Re: Make langmap accept multi-byte characters

Konstantin Korikov
> Thanks for taking a shot at this.  I assume that the binary search
> lookup should be fast enough in most situations.

It is means that I should remove old algorithm completely? It is means
that the program should use binary search lookup even when FEAT_MBYTE
is not defined?

> Instead of using a fixed size array consider using a growarray.  Then
> the size won't be limited.  See ga_init() and related functions.

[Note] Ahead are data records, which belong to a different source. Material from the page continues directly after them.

Lemma inv_card_group_le k : #|G k|%:R^-1 <= (min_group_size kk)%:R^-1 :> R.
Proof.
have [a _] := Hgroups k.
have m_le : (min_group_size kk <= #|G k|)%N.
  by apply: bigminn_le; rewrite mem_index_enum.
have m_gt0 : (0 < min_group_size kk)%N.
  apply: (big_ind (fun n => 0 < n)%N) => [|x y x_gt0 y_gt0|j _].
  - exact: leq_ltn_trans (leq0n a) (ltn_ord a).
  - by rewrite leq_min x_gt0 y_gt0.
  - exact: card_group_gt0.
by rewrite lef_pV2 ?posrE ?ltr0n ?ler_nat // card_group_gt0.
Qed.

Section ProjectionInD.

Variable B : 'M[R]_p.
Hypotheses (Bsym : B^T = B) (Bidem : B *m B = B)
  (Bcol : forall b, \sum_a B a b = 1) (Btr : \tr B = K%:R)
  (Bge0 : forall a b, 0 <= B a b).

Lemma sum_group_trace_sub1 : \sum_k (\sum_(a in G k) B a a - 1) = 0.
Proof. by rewrite sumrB sumr_const card_ord -Btr /mxtrace sum_by_group subrr. Qed.

Lemma offmass_groups :
  \sum_k offmass B (G k) = \sum_a \sum_(b | kk b != kk a) B a b.
Proof.
rewrite [RHS]sum_by_group; apply: eq_bigr => k _.
apply: eq_bigr => a; rewrite inE => /eqP <-.
by apply: eq_bigl => b; rewrite !inE.
Qed.

Lemma cov_gap (C : 'M[R]_K) : C^T = C ->
  \sum_a \sum_b C (kk a) (kk b) * Bstar a b - \sum_a \sum_b C (kk a) (kk b) * B a b =
  \sum_a \sum_(b | kk b != kk a) var_diff C (kk a) (kk b) / 2 * B a b.
Proof.
move=> Csym; rewrite Bstar_block_weight.
rewrite (sym_weight_gap Bsym Bcol (f := fun a b => C (kk a) (kk b))) /=; last first.
  by move=> a b; rewrite -{1}Csym mxE.
apply: eq_bigr => a _; rewrite (bigID (fun b => kk b != kk a)) /=.
rewrite [X in _ + X]big1 ?addr0 // => b /negPn/eqP->.
by rewrite /var_diff; ring.
Qed.

Lemma noise_gap (gamma : 'I_K -> R) (g V mu : R) :
  (forall k, 0 <= g - gamma k <= V) -> (forall k, #|G k|%:R^-1 <= mu) ->
  - (V * mu * \sum_a \sum_(b | kk b != kk a) B a b) <=
  \sum_a gamma (kk a) * Bstar a a - \sum_a gamma (kk a) * B a a.
Proof.
move=> gamma_bd inv_le; set d := fun k => \sum_(a in G k) B a a - 1.
have -> : \sum_a gamma (kk a) * Bstar a a - \sum_a gamma (kk a) * B a a =
          \sum_k (g - gamma k) * d k.
  transitivity (\sum_k ((g - gamma k) * d k - g * d k)); last first.
    by rewrite sumrB -mulr_sumr sum_group_trace_sub1 mulr0 subr0.
  rewrite -sumrB sum_by_group; apply: eq_bigr => k _.
  rewrite (eq_bigr (fun a => gamma k * (Bstar a a - B a a))) => [|a]; last first.
    by rewrite inE => /eqP->; rewrite mulrBr.
  by rewrite -mulr_sumr sumrB Bstar_group_trace /d; ring.
rewrite -offmass_groups mulr_sumr -sumrN; apply: ler_sum => k _.
have var_ge0 := block_variance_ge0 Bsym Bidem Bcol (card_group_gt0 k).
have o_ge0 : 0 <= offmass B (G k).
  by apply: sumr_ge0 => a _; apply: sumr_ge0 => b _.
have inv_ge0 : 0 <= #|G k|%:R^-1 :> R by rewrite invr_ge0 ler0n.
have [w_ge0 w_leV] := andP (gamma_bd k).
have V_ge0 : 0 <= V := le_trans w_ge0 w_leV.
have Vw_ge0 : 0 <= V - (g - gamma k) by rewrite subr_ge0.
have mu_inv_ge0 : 0 <= mu - #|G k|%:R^-1 by rewrite subr_ge0.
(* (g - gamma_k) d_k >= -(g - gamma_k) o_k / |G_k| >= -V o_k / |G_k| >= -V mu o_k *)
have := mulr_ge0 w_ge0 var_ge0.
have := mulr_ge0 Vw_ge0 (mulr_ge0 o_ge0 inv_ge0).
have := mulr_ge0 (mulr_ge0 V_ge0 o_ge0) mu_inv_ge0.
rewrite /d; lra.
Qed.

Lemma frob_gap (C : 'M[R]_K) (gamma : 'I_K -> R) (g V mu : R) :
  C^T = C -> (forall k, 0 <= g - gamma k <= V) -> (forall k, #|G k|%:R^-1 <= mu) ->
  \sum_a \sum_(b | kk b != kk a) (var_diff C (kk a) (kk b) / 2 - V * mu) * B a b <=
  frob (latent_cov kk C gamma) Bstar - frob (latent_cov kk C gamma) B.
Proof.
move=> Csym gamma_bd inv_le; rewrite !frob_latent_cov.
have := noise_gap gamma_bd inv_le; have := cov_gap Csym.
have -> : \sum_a \sum_(b | kk b != kk a) (var_diff C (kk a) (kk b) / 2 - V * mu) * B a b =
    \sum_a \sum_(b | kk b != kk a) var_diff C (kk a) (kk b) / 2 * B a b -
    V * mu * \sum_a \sum_(b | kk b != kk a) B a b.
  rewrite mulr_sumr -sumrB; apply: eq_bigr => a _.
  by rewrite mulr_sumr -sumrB; apply: eq_bigr => b _; rewrite mulrBl.
lra.
Qed.

Lemma block_diagonal_Bstar : (forall a b, kk a != kk b -> B a b = 0) -> B = Bstar.
Proof.
move=> Boff.
have offmass0 k : offmass B (G k) = 0.
  apply: big1 => a; rewrite inE => /eqP ak; apply: big1 => b.
  by rewrite !inE -ak eq_sym; apply: Boff.
have trace_group1 k : \sum_(a in G k) B a a - 1 = 0.
  apply: (psumr_eq0P _ sum_group_trace_sub1) => // j _.
  have := block_variance_ge0 Bsym Bidem Bcol (card_group_gt0 j).
  by rewrite offmass0 mul0r addr0.
have row_group1 c : \sum_(b in G (kk c)) B c b = 1.
  rewrite -(row_sum1 Bsym Bcol c) [RHS](bigID (mem (G (kk c)))) /=.
  by rewrite [X in _ = _ + X]big1 ?addr0 // => b; rewrite inE eq_sym; apply: Boff.
apply/matrixP => c a; rewrite BstarE; case: eqP => [ca|/eqP]; last exact: Boff.
rewrite (block_variance_eq0 Bsym Bidem Bcol (card_group_gt0 (kk a))) ?inE //.
  by rewrite -ca row_group1 mul1r.
by rewrite offmass0 mul0r addr0 trace_group1.
Qed.
Lemma standard_word_of_PSSP pi : is_PSSP pi -> standard_word k (word_of pi).
Proof.
case/existsP=> T piS; have /and4P [/forallP nonempty _ _ _] := piS.
split.
- apply/allP => _ /mapP [a _ ->]; case: (letter_ofP a piS) => // i b _.
  exact: letter_leq_double.
- move=> j lt_jk; have /set0Pn [[a b] ab_j] := nonempty (Ordinal lt_jk).
  apply/hasP; exists (letter_of pi a); first exact: map_f (mem_enum _ a).
  by move: ab_j; rewrite (mem_letter_of piS) => /eqP ->; rewrite in_block_letter.
- move=> a j; case: (ltnP a n) => [lt_an | le_na]; last by rewrite nth_default ?size_word_of.
  rewrite -[a]/(nat_of_ord (Ordinal lt_an)) nth_word_of.
  case: (letter_ofP _ piS) => // i b ab_i lt_ji.
  rewrite double_ltn_letter in lt_ji.
  have lt_jk := ltn_trans lt_ji (ltn_ord i).
  have [y y_j lt_ya] := SSP_first_before (j := Ordinal lt_jk) piS ab_i lt_ji.
  apply/has_in_block_takeP; exists y.1 => //; rewrite nth_word_of.
  move: y_j; rewrite [y]surjective_pairing (mem_letter_of piS) => /eqP ->.
  by rewrite in_block_letter.
Qed.

Lemma mem_partition_of s i x : (x \in partition_of s i) = (nth 0 s x.1 == letter i x.2).
Proof. by rewrite ffunE inE. Qed.

Lemma mem_blk_partition_of s j x :
  (x \in blk (partition_of s) j) = (nth 0 s x.1 == letter j.1 (x.2 == j.2)).
Proof. by case: j => i []; rewrite /blk /= ?setbarE mem_partition_of; case: x => a []. Qed.
(* For every mixed graph $G$ without directed cycles, $\mathrm{nd}_{\mathrm m}(G)\le\mathrm{vc}(G)+4^{\mathrm{vc}(G)}$, where $\mathrm{vc}(G)$ is the vertex cover number of the underlying undirected graph.
   Context: A mixed graph $G$ consists of a finite vertex set $V(G)$, a set $E(G)$ of undirected edges and a set $A(G)$ of directed arcs; it is simple and contains no directed cycle. $N^+(v)$, $N^-(v)$, $N^{\mathrm u}(v)$ denote out-, in- and undirected neighbors. Vertices $u,v$ have the same mixed type if $N^{\mathrm u}(u)\setminus\{v\}=N^{\mathrm u}(v)\setminus\{u\}$, $N^-(u)=N^-(v)$, $N^+(u)=N^+(v)$; $\mathrm{nd}_{\mathrm m}(G)$ is the number of mixed types. The underlying undirected graph replaces every arc by an edge. *)

From mathcomp Require Import all_boot.
Set Implicit Arguments. Unset Strict Implicit. Unset Printing Implicit Defensive.

(* A mixed graph on a finite vertex type T: [ue] is the undirected-edge
   relation, [arc] the arc relation ([arc u v] = arc from u to v). *)
Definition mixed_graph (T : finType) (ue arc : rel T) : Prop :=
  [/\ symmetric ue, irreflexive ue, irreflexive arc,
      (forall u v, arc u v -> ~~ arc v u) &
      (forall u v, ue u v -> ~~ arc u v)].

Definition no_directed_cycle (T : finType) (arc : rel T) : Prop :=
  forall x y, arc x y -> ~~ connect arc y x.

Definition Nu (T : finType) (ue : rel T) (v : T) : {set T} := [set w | ue v w].
Definition Nout (T : finType) (arc : rel T) (v : T) : {set T} := [set w | arc v w].
Definition Nin (T : finType) (arc : rel T) (v : T) : {set T} := [set w | arc w v].

Definition same_mixed_type (T : finType) (ue arc : rel T) (u v : T) : bool :=
  [&& Nu ue u :\ v == Nu ue v :\ u,
      Nin arc u == Nin arc v &
      Nout arc u == Nout arc v].

(* number of mixed types = number of classes of the (equivalence) relation *)
Definition nd_m (T : finType) (ue arc : rel T) : nat :=
  #|[set [set v | same_mixed_type ue arc u v] | u : T]|.

Definition underlying (T : finType) (ue arc : rel T) : rel T :=
  fun u v => [|| ue u v, arc u v | arc v u].

Definition vertex_cover (T : finType) (e : rel T) (S : {set T}) : bool :=
  [forall u, forall v, e u v ==> (u \in S) || (v \in S)].

Definition vc_number (T : finType) (e : rel T) : nat :=
  \big[minn/#|T|]_(S : {set T} | vertex_cover e S) #|S|.
(* setT is always a cover of size #|T|, so the default #|T| is harmless *)

From mathcomp Require Import all_boot.
Set Implicit Arguments. Unset Strict Implicit. Unset Printing Implicit Defensive.

(* Fix a vertex cover S.  The vertices of S lie in at most #|S| type classes.
   The vertices outside S form an independent set, so such a vertex is
   determined, up to mixed type, by its relation to each vertex of S, which is
   one of four: no edge, an undirected edge, an in-arc or an out-arc.  Hence
   they lie in at most 4 ^ #|S| classes. *)

Lemma setD1_notin (T : finType) (A : {set T}) x : x \notin A -> A :\ x = A.
Proof.
by move=> xNA; apply/setP=> y; rewrite !inE; case: eqP => // ->; rewrite (negbTE xNA).
Qed.

Lemma eq_setD1_exchange (T : finType) (X B : {set T}) u v :
  u \notin X -> v \notin X -> (u \in B) = (v \in B) ->
  (X == B :\ u) = (X == B :\ v).
Proof.
move=> uNX vNX uBvB; have [-> //|neq_uv] := eqVneq u v.
case uB: (u \in B); last by rewrite !setD1_notin -?uBvB ?uB.
have vB : v \in B by rewrite -uBvB.
have uvB : u \in B :\ v by rewrite !inE neq_uv.
have vuB : v \in B :\ u by rewrite !inE eq_sym neq_uv.
by apply/idP/idP => /eqP defX; [move: vNX | move: uNX]; rewrite defX ?vuB ?uvB.
Qed.

Lemma card_imset_factor (aT rT1 rT2 : finType) (f : aT -> rT1) (g : aT -> rT2)
    (A : {pred aT}) :
  {in A &, forall x y, g x = g y -> f x = f y} -> #|f @: A| <= #|g @: A|.
Proof.
move=> fg; pose h y := omap f [pick x in A | g x == y].
rewrite -(card_imset _ (@Some_inj _)) -imset_comp.
suff -> : (Some \o f) @: A = h @: (g @: A) by apply: leq_imset_card.
rewrite -imset_comp; apply: eq_in_imset => x xA /=; rewrite /h.
case: pickP => [x' /andP[x'A /eqP]|/(_ x)]; last by rewrite xA eqxx.
by move/fg=> /= -> .
Qed.

Lemma vertex_cover_independent (T : finType) (e : rel T) S u v :
  vertex_cover e S -> u \notin S -> v \notin S -> ~~ e u v.
Proof.
move=> /forallP cover uNS vNS; apply/negP=> euv.
by have := implyP (forallP (cover u) v) euv; rewrite (negbTE uNS) (negbTE vNS).
Qed.

Section MixedTypes.

Variables (T : finType) (ue arc : rel T).
Hypothesis G : mixed_graph ue arc.

Definition type_class (u : T) : {set T} := [set v | same_mixed_type ue arc u v].

Lemma type_class_twins u v :
  Nu ue u = Nu ue v -> Nin arc u = Nin arc v -> Nout arc u = Nout arc v ->
  type_class u = type_class v.
Proof.
case: G => ue_sym ue_irr _ _ _ Nuv Ninuv Noutuv.
apply/setP=> w; rewrite !inE /same_mixed_type Nuv Ninuv Noutuv; congr (_ && _).
apply: eq_setD1_exchange.
- by rewrite in_setD1 -Nuv /Nu inE ue_irr andbF.
- by rewrite in_setD1 /Nu inE ue_irr andbF.
- by move/setP/(_ w): Nuv; rewrite /Nu !inE ![ue w _]ue_sym.
Qed.

Definition profile (S : {set T}) (u : T) : {ffun T -> bool * bool * bool} :=
  [ffun x => if x \in S then (ue u x, arc x u, arc u x) else (false, false, false)].

Definition admissible_triples : seq (bool * bool * bool) :=
  [:: (false, false, false); (true, false, false);
      (false, true, false); (false, false, true)].

Lemma profile_type_class S u v :
  vertex_cover (underlying ue arc) S -> u \notin S -> v \notin S ->
  profile S u = profile S v -> type_class u = type_class v.
Proof.
move=> cover uNS vNS Puv.
have relS x : (ue u x, arc x u, arc u x) = (ue v x, arc x v, arc v x).
  have [xS|xNS] := boolP (x \in S).
    by move/ffunP/(_ x): Puv; rewrite !ffunE xS.
  have := vertex_cover_independent cover uNS xNS.
  have := vertex_cover_independent cover vNS xNS.
  rewrite /underlying !negb_or => /and3P[/negbTE-> /negbTE-> /negbTE->].
  by case/and3P=> /negbTE-> /negbTE-> /negbTE->.
by apply: type_class_twins; apply/setP=> x; rewrite !inE; case: (relS x).
Qed.

Lemma profile_admissible S u :
  profile S u \in pffun_on (false, false, false) S admissible_triples.
Proof.
case: G => ue_sym _ _ arc_asym ue_arc.
apply/pffun_onP; split.
  by apply/subsetP=> x; rewrite inE ffunE; case: (x \in S).
move=> _ /imageP[x xS ->]; rewrite ffunE xS.
have [uex|_] := boolP (ue u x).
  have xNu : ~~ arc x u by apply: ue_arc; rewrite ue_sym.
  by rewrite (negbTE xNu) (negbTE (ue_arc _ _ uex)) !inE.
have [/arc_asym/negbTE-> | _] := boolP (arc x u); first by rewrite !inE.
by case: (arc u x); rewrite !inE.
Qed.

Lemma nd_m_le_cover S :
  vertex_cover (underlying ue arc) S -> nd_m ue arc <= #|S| + 4 ^ #|S|.
Proof.
move=> cover; have -> : nd_m ue arc = #|type_class @: (S :|: ~: S)|.
  by rewrite setUCr; apply: eq_card => X; apply/imsetP/imsetP => -[u _ ->]; exists u.
rewrite imsetU.
apply: leq_trans (leq_card_setU _ _) (leq_add (leq_imset_card _ _) _).
apply: leq_trans (card_imset_factor (g := profile S) _) _.
  by move=> u v; rewrite !inE; apply: profile_type_class.
have profiles_admissible :
    [set profile S u | u in ~: S]
      \subset pffun_on (false, false, false) S admissible_triples.
  by apply/subsetP=> _ /imsetP[u _ ->]; apply: profile_admissible.
apply: leq_trans (subset_leq_card profiles_admissible) _.
by rewrite card_pffun_on (card_uniqP _).
Qed.

End MixedTypes.

Theorem mainTheorem16 (T : finType) (ue arc : rel T) :
  mixed_graph ue arc -> no_directed_cycle arc ->
  nd_m ue arc <= vc_number (underlying ue arc) + 4 ^ vc_number (underlying ue arc).
Proof.
move=> G _; rewrite /vc_number; elim/big_ind: _.
- by apply: leq_trans (leq_imset_card _ _) (leq_addr _ _).
- by move=> m n; rewrite /minn; case: ifP.
- by move=> S; apply: nd_m_le_cover.
Qed.
Lemma Rabs_PS_mult_le (a b : nat -> R) (K : R) (n : nat) :
  0 <= K -> (forall n, Rabs (a n) <= K ^ n) -> (forall n, Rabs (b n) <= K ^ n) ->
  Rabs (PS_mult a b n) <= (2 * K) ^ n.
Proof.
  intros HK Ha Hb. unfold PS_mult. eapply Rle_trans; [apply sum_f_R0_triangle|].
  apply Rle_trans with (sum_f_R0 (fun _ => K ^ n) n).
  - apply sum_Rle. intros k Hk. rewrite Rabs_mult.
    replace (K ^ n) with (K ^ k * K ^ (n - k)) by (rewrite <- pow_add; f_equal; lia).
    apply Rmult_le_compat; auto using Rabs_pos.
  - rewrite sum_cte, Rpow_mult_distr, Rmult_comm.
    apply Rmult_le_compat_r; [apply pow_le; lra | apply S_INR_le_pow2].
Qed.

Lemma is_pseries_scal_delta (k : nat) (v x : R) :
  is_pseries (fun n => v * PS_delta k n) x (v * x ^ k).
Proof.
  apply (is_pseries_ext (PS_scal v (PS_delta k))); [reflexivity|].
  exact (is_pseries_scal v _ x _ (Rmult_comm _ _) (is_pseries_delta k x)).
Qed.

(** * The Bernoulli generating function *)

Lemma blist_length (n : nat) : length (blist n) = S n.
Proof. induction n as [|n IH]; simpl; [|rewrite length_app, IH; simpl]; lia. Qed.

Lemma nth_blist (n j : nat) : (j <= n)%nat -> nth j (blist n) 0 = bernoulli j.
Proof.
  induction n as [|n IH]; intros Hj.
  - replace j with 0%nat by lia. reflexivity.
  - destruct (Nat.eq_dec j (S n)) as [->|Hne]; [reflexivity|].
    simpl blist. rewrite app_nth1 by (rewrite blist_length; lia). apply IH. lia.
Qed.

Lemma bernoulli_S (n : nat) :
  bernoulli (S n) =
  - / INR (S n + 1) * sum_f_R0 (fun j => Binomial.C (S n + 1) j * bernoulli j) n.
Proof.
  unfold bernoulli at 1. cbn [blist].
  rewrite app_nth2, blist_length, Nat.sub_diag by (rewrite blist_length; lia).
  cbn [nth].
  rewrite (fold_right_Rplus_map_seq _ 0 n). f_equal. apply sum_eq. intros j Hj.
  rewrite nth_blist by lia. reflexivity.
Qed.

(* Taylor coefficients of t / (e^t - 1) and of (e^t - 1) / t. *)
Definition bern_coef (n : nat) : R := bernoulli n / INR (fact n).
Definition expm1_coef (n : nat) : R := / INR (fact (S n)).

Thanks for advice. I will rewrite the patch.

--
Best regards,
Konstantin Korikov
--------------------------------------------------
cups-lpd-1.2.4 - Common Unix Printing System - lpd emulation
--------------------------------------------------
Reply | Threaded
Open this post in threaded view
|

Re: Make langmap accept multi-byte characters

Bram Moolenaar

Konstantin Korikov wrote:

> > Thanks for taking a shot at this.  I assume that the binary search
> > lookup should be fast enough in most situations.
>
> It is means that I should remove old algorithm completely? It is means
> that the program should use binary search lookup even when FEAT_MBYTE
> is not defined?

I think it's better to keep the code for now.  Some people may compile
without the multi-byte feature to save on code.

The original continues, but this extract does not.